На следующий день по приезде в Москву я пошел к Ковалеву и коротко изложил суть конфликта. Я не знал редакционных порядков, должен ли я что-либо написать, но про себя решил, что лучше я верну деньги за командировку, чем напишу хоть слово.

— Да не надо никаких денег. Что вы? — замахал руками добрейший Сергей Сергеевич. — Садитесь и пишите, что по письму такого-то написание очерка нецелесообразно. Роспись. Точка.

— А может, про судью написали бы? — спросил он вдруг.

— Так про судью у меня и материала-то нет, — ответил я обескураженно.

— Да, — сказал он с улыбкой, — этим и отличается настоящий журналист, что он всегда найдет материал. Но да вы не расстраивайтесь, еще обучитесь. Будет желание еще поработать, звоните. А учитель-то, чует мое сердце, не успокоится, — закончил он уже в дверях.


Но я так и не позвонил ему, и никогда больше не возникало у меня желания стать журналистом и наводить страх в провинции, сверкая своим столичным мандатом. Я вернулся на кафедру и пошел ставить чайник и в магазин за пряниками, и очень скоро мне стало казаться, что я не ездил ни в какую командировку, не был важным столичным лицом в Богом забытой деревне.
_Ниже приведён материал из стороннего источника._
(* L j is the hom-part of [j,-]_l (K |-> j(x)K), characterized by the
   universal property of the cotensor j(x)K'. *)
Definition is_lfun (T : Theory)
    (L : forall j k k', hom V (thom T k k') (thom T (jt j k) (jt j k'))) : Prop :=
  forall j k k',
    comp (cotmap (tdata T) (jv j) (jt j k) (jt j k') k' (lcounit T j k')) (L j k k')
    = curry (comp (tcomp T (jt j k) k k') (tensm (idm _) (lcounit T j k))).

(* R j is the hom-part of [j,-]_r (K |-> K(x)j). *)
Definition is_rfun (T : Theory)
    (R : forall j k k', hom V (thom T k k') (thom T (jt k j) (jt k' j))) : Prop :=
  forall j k k',
    comp (cotmap (tdata T) (jv j) (jt k j) (jt k' j) k' (rcounit T j k')) (R j k k')
    = curry (comp (tcomp T (jt k j) k k') (tensm (idm _) (rcounit T j k))).

Definition kron (T : Theory)
    (L : forall j k k', hom V (thom T k k') (thom T (jt j k) (jt j k')))
    (R : forall j k k', hom V (thom T k k') (thom T (jt k j) (jt k' j)))
    (j j' k k' : Jobj) :
    hom V (tens (thom T j j') (thom T k k')) (thom T (jt j k) (jt j' k')) :=
  comp (tcomp T (jt j k) (jt j' k) (jt j' k'))
       (comp (sym _ _) (tensm (R k j j') (L j' k k'))).
Lemma coef_top_monoS R : all is_rate R ->
  coef (nderiv N L (2 * (n - m + 1)) (spS n (L n))) (monoS ++ R) =
  (perm_eq (kat m l :: kat m (L m) :: chain_rates n) R)%:R.
Proof.
move=> HR; have HT := mweight_monoS HR.
have HSl : (spS m (L m) == spS m l) = false by apply/eqP; case; lia.
have Hr1 : Reaction (kat m l) [:: spF m; spS m l] [:: spV m l] \in reactions N L.
  by apply: (@reactions_mj_sub _ _ m l); rewrite ?inE ?eqxx ?orbT //; lia.
rewrite (coef_nderiv_top HT) (dual_deriv_F HT (X := spS m l) (K := [:: kat m l]));
  [| exact: chain_rates_rates | by [] | | | exact: notin_reactants_S_ml]; last first.
- by rewrite /= count_cat count_tail_from ?count_rates //= ?chain_rates_rates ?HSl.
- by rewrite !count_cat /= count_tail_from ?count_rates //= eqxx HSl.
have Hnet : net (spF m) (Reaction (kat m l) [:: spF m; spS m l] [:: spV m l]) = -1.
  by rewrite /net /= eqxx.
rewrite (big_rrate1 _ Hr1) Hnet mulN1r opprK.
by rewrite (@indicator_cat2l _ (kat m l :: kat m (L m) :: chain_rates n)) // /monoS;
  perm_by_counts.
Qed.

Lemma coef_top_monoV R : all is_rate R ->
  coef (nderiv N L (2 * (n - m + 1)) (spS n (L n))) (monoV ++ R) =
  - ((perm_eq (kbt m l :: kat m (L m) :: chain_rates n) R)%:R +
     (perm_eq (kct m l :: kat m (L m) :: chain_rates n) R)%:R).
Proof.
move=> HR; have HT := mweight_monoV HR.
have Hr1 : Reaction (kbt m l) [:: spV m l] [:: spF m; spS m l] \in reactions N L.
  by apply: (@reactions_mj_sub _ _ m l); rewrite ?inE ?eqxx ?orbT //; lia.
have Hr2 : Reaction (kct m l) [:: spV m l] [:: spF m; spS m l.-1] \in reactions N L.
  by apply: (@reactions_mj_sub _ _ m l); rewrite ?inE ?eqxx ?orbT //; lia.
rewrite (coef_nderiv_top HT) (dual_deriv_F HT (X := spV m l) (K := [:: kbt m l; kct m l]));
  [| exact: chain_rates_rates | by [] | | | exact: notin_reactants_V_ml]; last first.
- by rewrite /= count_cat count_tail_from ?count_rates //= ?chain_rates_rates.
- by rewrite !count_cat /= count_tail_from ?count_rates //= eqxx.
have Hnet1 : net (spF m) (Reaction (kbt m l) [:: spV m l] [:: spF m; spS m l]) = 1.
  by rewrite /net /= eqxx.
have Hnet2 : net (spF m) (Reaction (kct m l) [:: spV m l] [:: spF m; spS m l.-1]) = 1.
  by rewrite /net /= eqxx.
rewrite (big_rrate2 _ Hr1 Hr2) // Hnet1 Hnet2 !mul1r.
rewrite (@indicator_cat2l _ (kbt m l :: kat m (L m) :: chain_rates n)); last first.
  by rewrite /monoV; perm_by_counts.
by rewrite (@indicator_cat2l _ (kct m l :: kat m (L m) :: chain_rates n)) // /monoV;
  perm_by_counts.
Qed.

End Weight.

Theorem mainTheorem19 (N : nat) (L : nat -> nat)
  (hN : (1 <= N)%N) (hL : forall i, (1 <= i <= N)%N -> (1 <= L i)%N)
  (m n l : nat) (hm : (1 <= m)%N) (hmn : (m < n)%N) (hnN : (n <= N)%N)
  (hl1 : (1 <= l)%N) (hl2 : (l <= L m - 1)%N) :
  let tail := [seq spS i (L i - 1) | i <- iota m.+1 (n - m)] in
  let Ms := [:: spS m l; spF m; spS m (L m)] ++ tail in
  let Mv := [:: spV m l; spS m (L m)] ++ tail in
  let Ktail := kat m (L m) :: flatten [seq [:: kc i (L i); ka i (L i)] | i <- iota m.+1 (n - m)] in
  let top := (2 * (n - m + 1))%N in
  (forall k, (1 <= k < top)%N ->
     conc_coef_zero (nderiv N L k (spS n (L n))) Ms /\
     conc_coef_zero (nderiv N L k (spS n (L n))) Mv) /\
  (exists2 sgn : int, (sgn == 1) || (sgn == -1) &
     conc_coef_eq (nderiv N L top (spS n (L n))) Ms sgn [:: kat m l :: Ktail]) /\
  (exists2 sgn : int, (sgn == 1) || (sgn == -1) &
     conc_coef_eq (nderiv N L top (spS n (L n))) Mv sgn
       [:: kbt m l :: Ktail; kct m l :: Ktail]).
Proof.
move=> tail Ms Mv Ktail top.
split; [|split].
- move=> k /andP[_ Hk]; split=> R HR.
    by apply: (coef_nderiv_below (m := m) (l := l)) => //; apply: (mweight_monoS hL).
  by apply: (coef_nderiv_below (m := m) (l := l)) => //; apply: (mweight_monoV hL).
- exists 1 => // R HR.
  by rewrite big_seq1 mul1r coef_top_monoS.
- exists (-1) => // R HR.
  by rewrite big_cons big_seq1 mulN1r coef_top_monoV.
Qed.
(* Let $\mathbf L$ be a locally compact non-discrete non-Archimedean field. Each ultrauniform space $(X,\mathbf P)$ has a topological embedding into $\prod_{\rho\in\mathbf P}B(c_0(\mathbf L,A_\rho),0,1)$ and a uniform embedding into $\prod_{\rho\in\mathbf P}c_0(\mathbf L,A_\rho)$, where $\mathrm{card}(A_\rho)=w(X_\rho)$.
   Context: An ultrauniform space $(X,\mathbf P)$ is a set with the uniformity generated by a family $\mathbf P$ of pseudoultrametrics. For $\rho\in\mathbf P$, $R_\rho$ is the equivalence relation $x R_\rho y\iff\rho(x,y)=0$ and $X_\rho$ is the completion of the ultrametric space $X/R_\rho$ (with the metric induced by $\rho$); $w$ denotes topological weight. $c_0(\mathbf L,A)$ is the Banach space of families in $\mathbf L$ indexed by $A$ tending to zero (for each $b>0$ only finitely many coordinates of absolute value $\ge b$) with sup norm, and $B(c_0(\mathbf L,A),0,1)$ its closed unit ball. *)

From HB Require Import structures.
From mathcomp Require Import all_boot all_order all_algebra.
From mathcomp Require Import all_classical all_reals all_analysis.
Set Implicit Arguments. Unset Strict Implicit. Unset Printing Implicit Defensive.
Import Order.TTheory GRing.Theory Num.Theory.
Import numFieldNormedType.Exports.
Local Open Scope classical_set_scope.
Local Open Scope ring_scope.

Definition nonarch_abs (R : realType) (L : fieldType) (v : L -> R) : Prop :=
  [/\ forall x, 0 <= v x,
      forall x, v x = 0 <-> x = 0,
      forall x y, v (x * y) = v x * v y &
      forall x y, v (x + y) <= Num.max (v x) (v y)].

Definition Lopen (R : realType) (L : fieldType) (v : L -> R) (U : set L) : Prop :=
  forall x, U x -> exists2 e : R, 0 < e & forall y, v (y - x) < e -> U y.

Definition Lcompact (R : realType) (L : fieldType) (v : L -> R) (K : set L) : Prop :=
  forall (J : Type) (U : J -> set L), (forall j, Lopen v (U j)) ->
    K `<=` \bigcup_j U j ->
    exists F : set J, finite_set F /\ K `<=` \bigcup_(j in F) U j.
(* For every natural number $n\geq 1$, $\tau(B_n) > B_{\lfloor \tau(n)/3\rfloor}$, where $\lfloor\cdot\rfloor$ denotes the floor function.
   Context: The balancing numbers $(B_n)_{n\geq 0}$ are defined by $B_0=0$, $B_1=1$, $B_{n+1}=6B_n-B_{n-1}$ for $n\geq 1$. For a positive integer $m$, $\tau(m)$ denotes the number of positive divisors of $m$. *)

From mathcomp Require Import all_boot.
Set Implicit Arguments. Unset Strict Implicit. Unset Printing Implicit Defensive.

(* Balancing numbers: B_0 = 0, B_1 = 1, B_{n+1} = 6 B_n - B_{n-1}.
   The sequence is strictly increasing and nonnegative, so the truncated
   nat subtraction is exact. *)
Fixpoint balancing (n : nat) : nat :=
  match n with
  | 0 => 0
  | 1 => 1
  | (m.+1 as k).+1 => 6 * balancing k - balancing m
  end.

Definition tau (m : nat) : nat := size (divisors m).

(* With alpha, beta = 3 +- 2 sqrt 2 we have (alpha - beta) B_n = alpha^n - beta^n, so B_n is the
   product, over the divisors d > 1 of n, of the integers |beta^phi(d) Phi_d(alpha^2)|, where
   Phi_d is the d-th cyclotomic polynomial.  Each of these factors, for d > 1, has a primitive
   prime divisor p, i.e. one dividing no B_m with 0 < m < d: otherwise every prime factor p
   of the factor is a prime q of d with p | B_(d/q), and expanding B_(qm) / B_m = q C_m^(q-1)
   mod B_m^2 (C the companion Lucas sequence) shows that p divides it only once; the factor
   would then divide d, whereas it is at least 5^phi(d) > d.  By strong divisibility,
   gcd(B_m, B_n) = B_gcd(m,n), distinct d have distinct primitive primes, so B_n has at least
   tau(n) - 1 prime factors and tau(B_n) >= 2^(tau(n)-1) > 6^(k-1) >= B_k for 3k <= tau(n). *)

From mathcomp Require Import all_boot all_order all_algebra all_field.
From mathcomp Require Import ring zify.
Set Implicit Arguments. Unset Strict Implicit. Unset Printing Implicit Defensive.
Import Order.TTheory GRing.Theory Num.Theory.

Local Notation B := balancing.

Fixpoint lucas_balancing (n : nat) : nat :=
  match n with
  | 0 => 1
  | 1 => 3
  | (m.+1 as k).+1 => 6 * lucas_balancing k - lucas_balancing m
  end.
Local Notation C := lucas_balancing.

Lemma balancingSS n : B n.+2 = 6 * B n.+1 - B n. Proof. by []. Qed.
Lemma lucas_balancingSS n : C n.+2 = 6 * C n.+1 - C n. Proof. by []. Qed.

Lemma balancing_leS n : B n <= B n.+1.
Proof. by elim: n => [|n IHn] //; rewrite balancingSS; lia. Qed.

Lemma lucas_balancing_leS n : C n <= C n.+1.
Proof. by elim: n => [|n IHn] //; rewrite lucas_balancingSS; lia. Qed.

Lemma balancing_gt0 n : 0 < n -> 0 < B n.
Proof. by case: n => // n _; elim: n => // n IHn; apply: leq_trans IHn (balancing_leS _). Qed.

Lemma balancing_le_exp6 k : B k.+1 <= 6 ^ k.
Proof. by elim: k => [|k IHk] //; rewrite balancingSS expnS; lia. Qed.

Lemma balancing_lt_exp2 k : B k < 2 ^ (3 * k).-1.
Proof.
case: k => [|k] //; apply: leq_ltn_trans (balancing_le_exp6 k) _.
have le68 j : 6 ^ j <= 8 ^ j by elim: j => // j IHj; rewrite !expnS leq_mul.
have -> : (3 * k.+1).-1 = (3 * k).+2 by rewrite mulnS.
by rewrite !expnS expnM (_ : 2 ^ 3 = 8) //; have := le68 k; have := expn_gt0 8 k; lia.
Qed.

Section Binet.
Local Open Scope ring_scope.

Definition sqrt2 : algC := sqrtC 2.
Definition alpha : algC := 3 + 2 * sqrt2.
Definition beta : algC := 3 - 2 * sqrt2.

Lemma sqrt2K : sqrt2 ^+ 2 = 2. Proof. exact: sqrtCK. Qed.

Lemma sqrt2_ge0 : 0 <= sqrt2. Proof. by rewrite sqrtC_ge0 ler0n. Qed.

Lemma alphaMbeta : alpha * beta = 1.
Proof.
have -> : alpha * beta = 9 - 4 * sqrt2 ^+ 2 by rewrite /alpha /beta; ring.
by rewrite sqrt2K; ring.
Qed.

Lemma alpha_sqr : alpha ^+ 2 = 6 * alpha - 1.
Proof.
have -> : alpha ^+ 2 = 6 * alpha - 1 + 4 * (sqrt2 ^+ 2 - 2) by rewrite /alpha; ring.
by rewrite sqrt2K subrr mulr0 addr0.
Qed.

Lemma beta_sqr : beta ^+ 2 = 6 * beta - 1.
Proof.
have -> : beta ^+ 2 = 6 * beta - 1 + 4 * (sqrt2 ^+ 2 - 2) by rewrite /beta; ring.
by rewrite sqrt2K subrr mulr0 addr0.
Qed.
Это было на излете эпохи, названной впоследствии застойной, а еще через несколько лет, когда загремела иная уже эпоха, революционная и судьбоносная, в одной газете я случайно прочитал статью об учителе ювашинской средней школы, который в тяжкие годы застоя один на один схлестнулся с судейской мафией. В этой статье говорилось о всех знакомых мне людях: о нечистом на руку судебном исполнителе, о солдатской вдове, о забытом нами слове «милосердие», о хапуге невестке, все было написано, как хотел того мой Гудвин, единственное новое, что я узнал, — что именно к нему в нелегкое время шли старые женщины и просили защитить их и помочь открыть храм.